La risposta alla logica del dominio, repressiva per sua stessa natura, non può
avvenire che attraverso l'affermarsi di un altro principio di realtà. Questo
principio si può imporre solo oggi che il grande progresso scientifico e
tecnologico permette all'uomo di poter vivere senza la preoccupazione della
lotta per la sopravvivenza, di essere svincolato dalla miseria, dalla fame, dalla
necessità. L'imporsi di una dimensione estetica significa ridisegnare la propria
esistenza e il proprio mondo sotto le regole e le necessità della bellezza,
eliminare l'interesse personale in cambio della soddisfazione personale.
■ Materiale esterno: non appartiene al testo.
From mathcomp Require Import all_boot all_order all_algebra.
From mathcomp Require Import all_classical all_reals all_analysis.
From mathcomp Require Import complex.
From mathcomp Require Import ring.
Import Order.TTheory GRing.Theory Num.Theory Normc numFieldNormedType.Exports.
Local Open Scope ring_scope.
Local Open Scope complex_scope.
Set Implicit Arguments. Unset Strict Implicit. Unset Printing Implicit Defensive.

(* Written as a first-order system, (P) has trace 2cγλ, so by Liouville's formula
   det F(T) = μ1 μ2 has modulus exp(2cγ Re λ T) ≠ 1: the multipliers are not both on
   the unit circle.  If neither were, the samples p(z0 + kT) of a bounded solution
   would form a bounded two-sided sequence satisfying the linear recurrence whose
   characteristic roots are μ1, μ2 (Floquet's theorem and Cayley–Hamilton); such a
   sequence vanishes identically, contradicting p(z0) ≠ 0. *)

Lemma periodicz (U : zmodType) (V : zmodType) (f : U -> V) (T : U) :
  periodic f T -> forall (k : int) (u : U), f (u + T *~ k) = f u.
Proof.
move=> fT [] n u; first exact: periodicn.
by rewrite NegzE mulrNz -[in RHS](subrK (T *+ n.+1) u) periodicn.
Qed.

Section ComplexDerivative.
Variable R : realType.
Implicit Types (p q : R -> R[i]) (x y : R[i]).

Lemma Re_add x y : complex.Re (x + y) = complex.Re x + complex.Re y.
Proof. by case: x y => [a b] [c d]. Qed.
Lemma Im_add x y : complex.Im (x + y) = complex.Im x + complex.Im y.
Proof. by case: x y => [a b] [c d]. Qed.
Lemma Re_sub x y : complex.Re (x - y) = complex.Re x - complex.Re y.
Proof. by case: x y => [a b] [c d]. Qed.
Lemma Im_sub x y : complex.Im (x - y) = complex.Im x - complex.Im y.
Proof. by case: x y => [a b] [c d]. Qed.
Lemma Re_mul x y :
  complex.Re (x * y) = complex.Re x * complex.Re y - complex.Im x * complex.Im y.
Proof. by case: x y => [a b] [c d]. Qed.
Lemma Im_mul x y :
  complex.Im (x * y) = complex.Re x * complex.Im y + complex.Im x * complex.Re y.
Proof. by case: x y => [a b] [c d]. Qed.

Lemma is_derive_ext (f g : R -> R) (z d : R) :
  f =1 g -> is_derive z 1 g d -> is_derive z 1 f d.
Proof. by move=> /funext ->. Qed.

Lemma Cderiv_eq p q1 q2 : Cderiv p q1 -> q1 =1 q2 -> Cderiv p q2.
Proof. by move=> dp e z; rewrite -e. Qed.

Lemma Cderiv_cst x : Cderiv (fun=> x) (fun=> 0).
Proof. by move=> z; split; exact: is_derive_cst. Qed.
(* Let $B\in\mathbb{R}^{n\times n}$ be strictly diagonally row-dominant with positive diagonal entries and negative off-diagonal entries, $M=B^{-1}$, $P,R$ diagonal with strictly positive diagonal entries, $\beta>0$, and $w\in\mathbb{R}^n$. Assume (A1) $\displaystyle\max_i \frac{M_i w-1}{M_i\mathbf{1}} < \min_j \frac{M_j w+1}{M_j\mathbf{1}}$, and (A2) either $\mathrm{dz}(Mw)=0$, or the set $\mathcal{K}=\arg\max_i \left|\frac{\mathrm{dz}(M_i w)}{M_i\mathbf{1}}\right|$ is a singleton $\{k\}$. Then the closed-loop system $$\dot x=-x+B\,\mathrm{sat}(u)+w,\qquad \dot z=x+\beta\mathbf{1}\mathbf{1}^T\mathrm{dz}(u),\qquad u=-Px-Rz$$ has a unique equilibrium $(x^0,z^0)$, namely the one with $z^0=-R^{-1}(u^0+Px^0)$ and $$x^0=\mathbf{1}\,\frac{\mathrm{dz}(M_k w)}{M_k\mathbf{1}},\qquad u^0_k=-\mathrm{sat}(M_k w)-\frac{\mathrm{dz}(M_k w)}{\beta M_k\mathbf{1}},\qquad u^0_i=-M_i w+\frac{M_i\mathbf{1}}{M_k\mathbf{1}}\mathrm{dz}(M_k w)\ \ (i\neq k),$$ where $k\in\mathcal{K}$ (in the case $\mathrm{dz}(Mw)=0$ this gives $x^0=0$, $u^0=-Mw$ for any choice of $k$).
   Context: $\mathbf{1}$ denotes the all-ones column vector in $\mathbb{R}^n$; $A_i$ denotes the $i$-th row of a matrix $A$. $\mathrm{sat}(v)=\max(\min(v,1),-1)$ and $\mathrm{dz}(v)=v-\mathrm{sat}(v)$, applied componentwise. An equilibrium is a pair $(x^0,z^0)$ with $u^0=-Px^0-Rz^0$ satisfying $0=-x^0+B\,\mathrm{sat}(u^0)+w$ and $0=x^0+\beta\mathbf{1}\mathbf{1}^T\mathrm{dz}(u^0)$. Under the hypotheses on $B$, $M=B^{-1}$ is entrywise nonnegative and $M_i\mathbf{1}>0$ for all $i$. *)

From HB Require Import structures.
From mathcomp Require Import all_boot all_order all_algebra.
Set Implicit Arguments. Unset Strict Implicit. Unset Printing Implicit Defensive.
Import Order.TTheory GRing.Theory Num.Theory.
Local Open Scope ring_scope.

Definition satr {F : realFieldType} (v : F) : F := Num.max (Num.min v 1) (-1).
Definition dzr {F : realFieldType} (v : F) : F := v - satr v.

Definition sat {F : realFieldType} {n : nat} (v : 'cV[F]_n) : 'cV[F]_n := map_mx satr v.
Definition dz {F : realFieldType} {n : nat} (v : 'cV[F]_n) : 'cV[F]_n := map_mx dzr v.

Definition ones {F : realFieldType} (n : nat) : 'cV[F]_n := const_mx 1.

Definition rowdot {F : realFieldType} {n : nat} (M : 'M[F]_n) (v : 'cV[F]_n) (i : 'I_n) : F :=
  (M *m v) i 0.

Definition strictly_row_dominant {F : realFieldType} {n : nat} (B : 'M[F]_n) : Prop :=
  forall i : 'I_n, \sum_(j < n | j != i) `|B i j| < `|B i i|.

Definition is_equilibrium {F : realFieldType} {n : nat}
  (B P R : 'M[F]_n) (beta : F) (w x z : 'cV[F]_n) : Prop :=
  let u := - (P *m x) - (R *m z) in
  0 = - x + B *m sat u + w /\
  0 = x + beta *: (ones n *m (ones n)^T *m dz u).

Definition argmaxK {F : realFieldType} {n : nat} (M : 'M[F]_n) (w : 'cV[F]_n) : {set 'I_n} :=
  [set i | [forall j, `|dzr (rowdot M w j) / rowdot M (ones n) j|
                        <= `|dzr (rowdot M w i) / rowdot M (ones n) i| ]].

Definition x0_of {F : realFieldType} {n : nat} (M : 'M[F]_n) (w : 'cV[F]_n) (k : 'I_n)
  : 'cV[F]_n :=
  dzr (rowdot M w k) / rowdot M (ones n) k *: ones n.

Definition u0_of {F : realFieldType} {n : nat} (M : 'M[F]_n) (beta : F) (w : 'cV[F]_n)
  (k : 'I_n) : 'cV[F]_n :=
  \col_i (if i == k then
            - satr (rowdot M w k) - dzr (rowdot M w k) / (beta * rowdot M (ones n) k)
          else
            - rowdot M w i + rowdot M (ones n) i / rowdot M (ones n) k * dzr (rowdot M w k)).
(* Let $\mathbf{k}$ be a commutative ring, $n\ge0$, $\mathcal{A}=\mathbf{k}[S_n]$. Fix $\alpha,\beta\in\operatorname{Comp}_n$ and let $\eta_\beta(\alpha)$ be the number of functions $f:[\ell(\beta)]\to[\ell(\alpha)]$ such that for every $j\in[\ell(\alpha)]$ one has $\alpha_j=\sum_{i\in f^{-1}(j)}\beta_i$. Let $Q_\beta:=\sum_{\alpha'\in\operatorname{Comp}_n,\ \alpha'\prec\beta}\mathcal{R}_{\alpha'}$. Then left multiplication by $\mathbf{B}_\alpha$ acts on the quotient $\mathcal{R}_\beta/Q_\beta$ as multiplication by the scalar $\eta_\beta(\alpha)$.
   Context: $S_n$ is the symmetric group on $[n]=\{1,\dots,n\}$, with product $(uw)(i)=u(w(i))$. For $w\in S_n$, $\operatorname{Des}(w)=\{i\in[n-1]: w(i)>w(i+1)\}$. For $I\subseteq[n-1]$, $\mathbf{B}_I=\sum_{w\in S_n,\ \operatorname{Des}(w)\subseteq I} w\in\mathcal{A}$. A composition $\alpha=(\alpha_1,\dots,\alpha_p)$ of $n$ is a finite sequence of positive integers with sum $n$; its length is $\ell(\alpha)=p$; $\operatorname{Comp}_n$ is the set of these. $\operatorname{Set}(\alpha)=\{\alpha_1,\alpha_1+\alpha_2,\dots,\alpha_1+\cdots+\alpha_{p-1}\}$ and $\mathbf{B}_\alpha:=\mathbf{B}_{\operatorname{Set}(\alpha)}$. For compositions $\alpha=(\alpha_1,\dots,\alpha_m)$, $\beta=(\beta_1,\dots,\beta_p)$ of $n$, $\alpha\preceq\beta$ means $\alpha$ can be split into $p$ contiguous subsequences whose $j$-th one sums to $\beta_j$; $\alpha\prec\beta$ means $\alpha\preceq\beta$ and $\alpha\ne\beta$. $\mathcal{R}_\beta:=\mathbf{B}_\beta\mathcal{A}$. *)

From HB Require Import structures.
From mathcomp Require Import all_boot all_order fingroup perm all_algebra.
Set Implicit Arguments. Unset Strict Implicit. Unset Printing Implicit Defensive.
Import GRing.Theory.
Local Open Scope ring_scope.

(* The group algebra k[S_n]: finitely supported functions S_n -> k,
   i.e. elements  \sum_w f(w) w. *)
Definition alg (k : comPzRingType) (n : nat) := {ffun 'S_n -> k}.
(* Let $\xi$ be a probability measure on $\mathbb{Z}_+$ with $\xi(0)>0$, $\sum_kk\xi(k)=1$, whose support generates $\mathbb{Z}$. (i) For every $n\geq1$ with $\mathrm{GW}_\xi(\#t=n)>0$, the law $\mathrm{GW}^{(n)}_\xi=\mathrm{GW}_\xi(\cdot\mid\#t=n)$ on rooted unordered trees equals $\mathsf{Q}^q_n$, where $q_1((1))=1$ and for $n\geq2$ (with $\mathrm{GW}_\xi(\#t=n+1)>0$) and $\lambda=(\lambda_1,\dots,\lambda_p)\in\mathcal{P}_n$, $$q_n(\lambda)=\frac{p!}{\prod_{j\geq1}m_j(\lambda)!}\xi(p)\frac{\prod_{i=1}^p\mathrm{GW}_\xi(\#t=\lambda_i)}{\mathrm{GW}_\xi(\#t=n+1)}.$$ (ii) Let $X_1,X_2,\dots$ be i.i.d. with $\mathbb{P}(X_1=k)=\mathrm{GW}_\xi(\#t=k)$ and $\tau_p=X_1+\dots+X_p$. Then $q_n(p(\lambda)=p)=\xi(p)\mathbb{P}(\tau_p=n)/\mathbb{P}(\tau_1=n+1)$, and $q_n(\cdot\mid p(\lambda)=p)$ is the law of the non-increasing rearrangement of $(X_1,\dots,X_p)$ conditionally on $X_1+\dots+X_p=n$.
   Context: $\mathrm{GW}_\xi$ is the Galton--Watson law on plane trees, $\mathrm{GW}_\xi(\{t\})=\prod_{u\in t}\xi(c_u(t))$ ($c_u$ the number of children), pushed forward to rooted unordered trees; $\#t$ is the number of vertices. $\mathcal{P}_n$ is the set of partitions of $n$, $p(\lambda)$ the number of parts and $m_j(\lambda)$ the number of parts equal to $j$. The laws $\mathsf{Q}^q_n$ on trees with $n$ vertices: $\mathsf{Q}^q_1$ is the law of the one-vertex tree; $\mathsf{Q}^q_{n+1}$ is the law of the tree whose root has as children the roots of independent trees $T^{(1)},\dots,T^{(p(\Lambda))}$ with laws $\mathsf{Q}^q_{\Lambda_i}$, where $\Lambda\sim q_n$. *)

From HB Require Import structures.
From mathcomp Require Import all_boot all_order all_algebra.
From mathcomp Require Import all_classical all_reals all_analysis.
Set Implicit Arguments. Unset Strict Implicit. Unset Printing Implicit Defensive.
Import Order.TTheory GRing.Theory Num.Theory.

Inductive ptree := Node of seq ptree.

Fixpoint ptree_enc (t : ptree) : GenTree.tree nat :=
  let: Node cs := t in GenTree.Node 0 (map ptree_enc cs).
Fixpoint ptree_dec (t : GenTree.tree nat) : ptree :=
  match t with
  | GenTree.Leaf _ => Node [::]
  | GenTree.Node _ cs => Node (map ptree_dec cs)
  end.
Lemma ptree_encK : pcancel ptree_enc (fun x => Some (ptree_dec x)).
Proof.
rewrite /pcancel; fix IH 1; case=> cs /=; congr (Some (Node _)).
elim: cs => //= c cs IHcs; case: (IH c) => ->; by rewrite IHcs.
Qed.
HB.instance Definition _ := Countable.copy ptree (pcan_type ptree_encK).
Lemma excess_quadratic :
  (Z.of_nat E * (2 * Z.of_nat m - 4 - Z.of_nat E) <= Z.of_nat C)%Z.
Proof.
have : E * (2 * m - 4 - E) <= C.
  rewrite /E /C; apply: (leq_trans (sum_mul_subn_le _ _ _ _)).
  by apply/eq_leq/eq_bigr => y; rewrite /small -ltnNge => ge4; congr (_ * _); lia.
move: E C => e c; have [le_e|lt_e] := leqP e (2 * m - 4) => quad.
  have [-> | e_gt0] := posnP e; first lia.
  rewrite (_ : (2 * Z.of_nat m - 4 - Z.of_nat e = Z.of_nat (2 * m - 4 - e))%Z); last lia.
  by rewrite -Nat2Z.inj_mul; apply/inj_le/leP.
have : (0 <= Z.of_nat e * (Z.of_nat e + 4 - 2 * Z.of_nat m))%Z.
  by apply: Z.mul_nonneg_nonneg; lia.
lia.
Qed.

Lemma small_paths_count_bound : (exists2 y, y \in l & Bm m y <= 2) ->
  m < sumn (map (Bm m) l) ->
  exists2 Q : nat, 0 < Q &
    (Z.of_nat Q * Z.of_nat (head 0%N l) <= 12 * Z.of_nat n * Z.of_nat Q - 8 * Z.of_nat Q
       - 3 * Z.of_nat Q ^ 2 - 10 * Z.of_nat n + 9)%Z.
Proof.
move=> small2 gt_m; have [y0 y0l y0_le2] := small2.
have m_gt0 : 0 < m by case/andP: (path_forest_range y0l) => ? ?; nia.
have Q_gt0 : 0 < Q by rewrite -has_count; apply/hasP; exists y0 => //; rewrite /small; lia.
exists Q => //.
have := excess_quadratic; have := excess_linear; have := excess_le.
have := burning_count small2 gt_m; have := lengths_count.
rewrite -count_small_big Nat2Z.inj_add => len burn E_le lin quad.
apply: (small_paths_ineq (E := Z.of_nat E) (C := Z.of_nat C) (m := Z.of_nat m)).
all: nia.
Qed.

End SmallPaths.

Section Witness.

Variables a b : nat.
Hypotheses (a_ge2 : 1 < a) (b_gt0 : 0 < b).

(* a - 1 paths of order y and one of order z, all odd and of total order
   2W + a = m^2 - b(4m - 2), then b paths of order 4m - 2; the sum of their
   burning numbers is at least 3a + 4b = m + 2. *)
Let m := 3 * a + 4 * b - 2.
Let F := 4 * m - 2.
Let W := (m ^ 2 - b * F - a) %/ 2.
Let y := (W %/ a).*2.+1.
Let z := y + (W %% a).*2.

Definition witness_forest := nseq a.-1 y ++ z :: nseq b F.

Lemma witness_shape :
  exists k, [/\ a = k + 2, m = 3 * k + 4 * b + 4 & F = 12 * k + 16 * b + 14].
Proof. by exists (a - 2); rewrite /F /m; split; lia. Qed.

Lemma witness_W : 2 * W + b * F + a = m ^ 2.
Proof.
have [k [ak mk Fk]] := witness_shape.
have R_eq : m ^ 2 - b * F - a = k * (9 * k + 23) + 2 * (6 * k * b + 9 * b + 7).
  by rewrite mk Fk ak; clear; nia.
have even : ~~ odd (m ^ 2 - b * F - a) by rewrite R_eq oddD !oddM; lia.
have le_F : b * F + a <= m ^ 2 by rewrite mk Fk ak; clear; nia.
by rewrite /W mulnC divnK ?dvdn2 //; lia.
Qed.

Lemma witness_divW : W = W %/ a * a + W %% a /\ W %% a < a.
Proof. by rewrite -divn_eq ltn_pmod //; lia. Qed.

Lemma witness_y_ge : 2 * m <= y.
Proof.
suff : m <= W %/ a by rewrite /y; lia.
rewrite leq_divRL; last lia.
have := witness_W; have [k [ak mk Fk]] := witness_shape.
by rewrite Fk mk ak; move: W b_gt0 => w; clear; nia.
Qed.

Lemma witness_z_le : z <= F.
Proof.
rewrite -(leq_pmul2l (_ : 0 < a)); last lia.
have := witness_W; have [eW lt_r] := witness_divW.
have -> : a * z = 2 * W + 2 * (W %% a) * (a - 1) + a by rewrite {1}eW /z /y; lia.
move: (W %% a) lt_r => r lt_r; have [k [ak mk Fk]] := witness_shape.
rewrite Fk mk ak (_ : k + 2 - 1 = k + 1) in lt_r *; last lia.
have : r * (k + 1) <= (k + 1) * (k + 1) by apply: leq_mul; lia.
by move: W => w; clear -lt_r; nia.
Qed.

Lemma witness_head : head 0 witness_forest = y.
Proof. by rewrite /witness_forest; case: a a_ge2 => [|[|]]. Qed.

Lemma witness_head_bound :
  a * (12 * (a + b)) <= a * head 0 witness_forest + 3 * a ^ 2 + 14 * a + 6 * b - 6.
Proof.
rewrite witness_head; have := witness_W; have [eW lt_r] := witness_divW.
have -> : a * y = 2 * (W %/ a * a) + a by rewrite /y; lia.
move: (W %/ a * a) (W %% a) eW lt_r => q r eW lt_r.
have [k [ak mk Fk]] := witness_shape; rewrite Fk mk ak in lt_r *.
by move: W eW => w ->; clear -lt_r; nia.
Qed.

Lemma witness_path_forest : path_forest (a + b) m witness_forest.
Proof.
have y_le_z : y <= z by rewrite /z leq_addr.
have z_le_F := witness_z_le.
have path_nseq x k c : x <= c -> path leq x (nseq k c).
  by elim: k x => //= k IH x le_xc; rewrite le_xc IH.
split.
- by rewrite size_cat /= !size_nseq; lia.
- rewrite /witness_forest (_ : a.-1 = (a - 2).+1) /=; last lia.
  rewrite cat_path path_nseq //= path_nseq // andbT.
  by elim: (a - 2) => // k IH; rewrite /= IH.
- rewrite all_cat /= !all_nseq; lia.
- have := witness_W; have [eW _] := witness_divW.
  rewrite sumn_cat /= !sumn_nseq /z /y; lia.
Qed.

Lemma witness_impossibly_burnable : impossibly_burnable (a + b) m witness_forest.
Proof.
have forest := witness_path_forest; split => //.
have Bm_ok t : t \in witness_forest -> burn_ok m t (Bm m t).
  by move/(path_forest_range forest)/BmP => [].
have y_in : y \in witness_forest.
  by rewrite mem_cat mem_nseq eqxx andbT; apply/orP; left; lia.
have z_in : z \in witness_forest by rewrite mem_cat inE eqxx orbT.
have F_in : F \in witness_forest by rewrite mem_cat inE !mem_nseq b_gt0 eqxx !orbT.
have y_ge := witness_y_ge.
have odd_y : odd y by rewrite /y /= odd_double.
have odd_z : odd z by rewrite /z oddD odd_double odd_y.
have By := burn_ok_odd_ge3 odd_y y_ge (Bm_ok _ y_in).
have Bz := burn_ok_odd_ge3 odd_z (leq_trans y_ge (leq_addr _ _)) (Bm_ok _ z_in).
have BF := burn_ok_4m_sub2_ge4 (Bm_ok _ F_in).
rewrite /witness_forest map_cat /= !map_nseq sumn_cat /= !sumn_nseq.
have : 3 * a.-1 <= Bm m y * a.-1 by rewrite leq_mul2r By orbT.
have : 4 * b <= Bm m F * b by rewrite leq_mul2r BF orbT.
have : m + 2 = 3 * a + 4 * b by rewrite /m; lia.
lia.
Qed.

End Witness.

Lemma impossibly_burnable_l1_boundZ n m l : impossibly_burnable n m l ->
  (exists2 i, i < n & Bm m (nth 0 l i) <= 2) ->
  l1_boundZ (Z.of_nat n) (Z.of_nat (head 0 l)).
Proof.
case=> forest gt_m [i lt_i le2].
have small2 : exists2 y, y \in l & Bm m y <= 2.
  by exists (nth 0 l i) => //; rewrite mem_nth //; case: forest => ->.
have [Q Q_gt0 ineq] := small_paths_count_bound forest small2 gt_m.
by apply: (l1_boundZ_count (Q := Z.of_nat Q)) ineq; lia.
Qed.

Section WitnessBound.
Local Open Scope Z_scope.

Lemma witness_sqrt_ineq (a b : Z) : 2 <= a -> a ^ 2 <= 2 * (a + b) <= a ^ 2 + 2 * a ->
  (3 * a ^ 2 + 6 * a + 6 * b - 6) ^ 2 < a ^ 2 * (120 * (a + b) - 108).
Proof.
move=> a_ge2 [lo hi]; set t := 2 * b - a ^ 2 + 2 * a.
have -> : 3 * a ^ 2 + 6 * a + 6 * b - 6 = 6 * a ^ 2 - 6 + 3 * t by rewrite /t; ring.
have -> : a ^ 2 * (120 * (a + b) - 108) = 60 * a ^ 4 - 108 * a ^ 2 + 60 * a ^ 2 * t.
  by rewrite /t; ring.
have t_range : 0 <= t <= 2 * a by rewrite /t; lia.
have : 9 * t ^ 2 <= 18 * a * t by nia.
have : 18 * a * t <= 24 * a ^ 2 * t by nia.
have : 0 < 24 * a ^ 4 - 36 * a ^ 2 - 36 by nia.
nia.
Qed.

End WitnessBound.

Lemma exists_impossibly_burnable_above n : 3 <= n ->
  exists m l, impossibly_burnable n m l /\ ~ l1_boundZ (Z.of_nat n) (Z.of_nat (head 0 l)).
Proof.
(* The shortest path has order about 12n - 3a - 6n/a, best for a close to sqrt(2n). *)
move=> n_ge3; set a := Nat.sqrt (2 * n).
have [/leP sq_le /leP sq_lt] := Nat.sqrt_spec (2 * n) (Nat.le_0_l _).
have a_ge2 : 1 < a by rewrite -/a in sq_le sq_lt; nia.
have b_gt0 : 0 < n - a by rewrite -/a in sq_le sq_lt; nia.
have := witness_impossibly_burnable a_ge2 b_gt0; rewrite subnKC; last lia.
move=> burnable; exists (3 * a + 4 * (n - a) - 2), (witness_forest a (n - a)); split => //.
have := witness_head_bound a_ge2 b_gt0; rewrite subnKC; last lia.
move: (head 0 _) => h head_bound [Y_ge0 Y_sq].
have := witness_sqrt_ineq (a := Z.of_nat a) (b := Z.of_nat (n - a)).
rewrite (_ : (Z.of_nat a + Z.of_nat (n - a) = Z.of_nat n)%Z); last lia.
set R := (3 * _ + _ + _ - 6)%Z.
set Y := (12 * Z.of_nat n - 8 - Z.of_nat h)%Z in Y_ge0 Y_sq * => ineq.
have aY : (0 <= Z.of_nat a * Y <= R)%Z by rewrite /Y /R; lia.
have : (Z.of_nat a * Y * (Z.of_nat a * Y) <= R * R)%Z by apply: Z.mul_le_mono_nonneg; lia.
have : (Z.of_nat a ^ 2 * (120 * Z.of_nat n - 108) <= Z.of_nat a ^ 2 * Y ^ 2)%Z.
  by apply: Z.mul_le_mono_nonneg_l; lia.
have : (Z.of_nat a * Y * (Z.of_nat a * Y) = Z.of_nat a ^ 2 * Y ^ 2)%Z by ring.
have : (R ^ 2 = R * R)%Z by ring.
have /ineq : (Z.of_nat a ^ 2 <= 2 * Z.of_nat n <= Z.of_nat a ^ 2 + 2 * Z.of_nat a)%Z by lia.
lia.
Qed.

Theorem mainTheorem4 (n m : nat) (l : seq nat) :
  3 <= n ->
  impossibly_burnable n m l ->
  ((exists2 i, i < n & Bm m (nth 0%N l i) <= 2) ->
     l1_bound n (head 0%N l))
  /\
  (is_Mn n (head 0%N l) -> forall i, i < n -> 3 <= Bm m (nth 0%N l i)).
Proof.
move=> n_ge3 burnable; split.
  by move=> small2; apply/l1_bound_of_Z/(impossibly_burnable_l1_boundZ burnable).
case=> _ maximal i lt_i; rewrite leqNgt; apply/negP => lt3.
have bound : l1_boundZ (Z.of_nat n) (Z.of_nat (head 0 l)).
  by apply: (impossibly_burnable_l1_boundZ burnable); exists i.
have [m' [w [w_burnable w_above]]] := exists_impossibly_burnable_above n_ge3.
by apply/w_above/(l1_boundZ_le _ bound); have := maximal _ _ w_burnable; lia.
Qed.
Soddisfazione che è sensuale e che deriva dal piacere che riusciamo a trarre
dalla bellezza di quello che c'è e di quello che riusciamo a creare. La creatività
dell'uomo è infatti la condizione irrinunciabile di qualunque tipo di obiettivo
possibile. Per ipotizzare bisogna essenzialmente immaginare, ed è
nell'impossibilità di immaginare che le ipotesi di sviluppo di questo Sistema si
arenano. Forse era questa la tragedia incipiente che Nietzsche paventava
quando contrapponeva alla speranza del superuomo la finta serenità dell'uomo
finale: "un uomo che non partorirà più nessuna stella". Ed è davvero poco lo
spazio intenzionalmente lasciato all'immaginazione nei paesi
tecnologicamente sviluppati perché le ipotesi di sviluppo partono tutte
dall'alto, da studi che servono soltanto a perpetrare sistemi sempre più
complessi ma la cui unica logica è sempre quella della sopraffazione, più o
meno coperta dal consenso istituzionale. La società tentacolare, piuttosto che
unidimensionale, raccoglie e fagocita tutte le contraddizioni dentro di sé. Le
interiorizza e le rende parte di se mercificandole, producendole in serie,
spettacolarizzandole. La morte in diretta, dei condannati a morte come delle
vittime della lupara, è stata per qualche tempo, almeno fino alla costituzione
in Italia di una commissione di controllo, lo strumento per mezzo del quale
registrare audience sempre maggiori per i networks. Non importa più che cosa
o chi è protagonista sulle colonne della carta stampata o sugli schermi dei
telegiornali. E' importante invece lo scandalo, l'eccitazione che la notizia
provoca o può provocare, tanto la società nella quale viviamo ha sempre in sé,
nel momento in cui testimonia gli avvenimenti con la notizia giornalistica, con
l'analisi e il commento, con le copie vendute e l'audience alle stelle, la
capacità di esorcizzare qualsiasi evento. Le guerre, le pestilenze, la carestia, la
fame, diventano eventi spettacolari, immagini fantastiche e ipnotiche che non
ci riguardano comunque mai direttamente. Il buco dell'ozono, la guerra nel
Golfo, la partita di calcio, i genocidi in Bosnia o nel Burundi, i processi
spettacolari, le catastrofi naturali, le epidemie, al pari dell'elezione del
Presidente, dell'acquisto del calciatore e della assoluzione o della condanna
dell'imputato, sono utili solo finché sono in grado di "fare notizia", poi
svaniscono nel nulla come fantasmi evocati da qualche altra parte o come i
personaggi e le atmosfere dell'ultimo serial televisivo. La nostra società è in
grado di esorcizzare tutti questi mali e di archiviarli come "già visto" alle
nostre coscienze. La nostra è una società dove tutto è possibile a patto che sia
quantificabile e misurabile. La creatività, la fantasia in quanto non misurabili,
non quantificabili, non utili immediatamente sono ostacolate, malviste,
valutate rischiose se non dannose. E allora tutta la nostra cultura diventa
improvvisamente povera, sterile, vuota perché costruita sull'impossibile e sui
sogni, sul fantastico e sull'immaginazione. Perché c'è più fantasia in Isaac
Newton, forse, che in tutte le opere d'arte del Settecento. E c'è più utilità, del
resto, in una favola che in una industria siderurgica.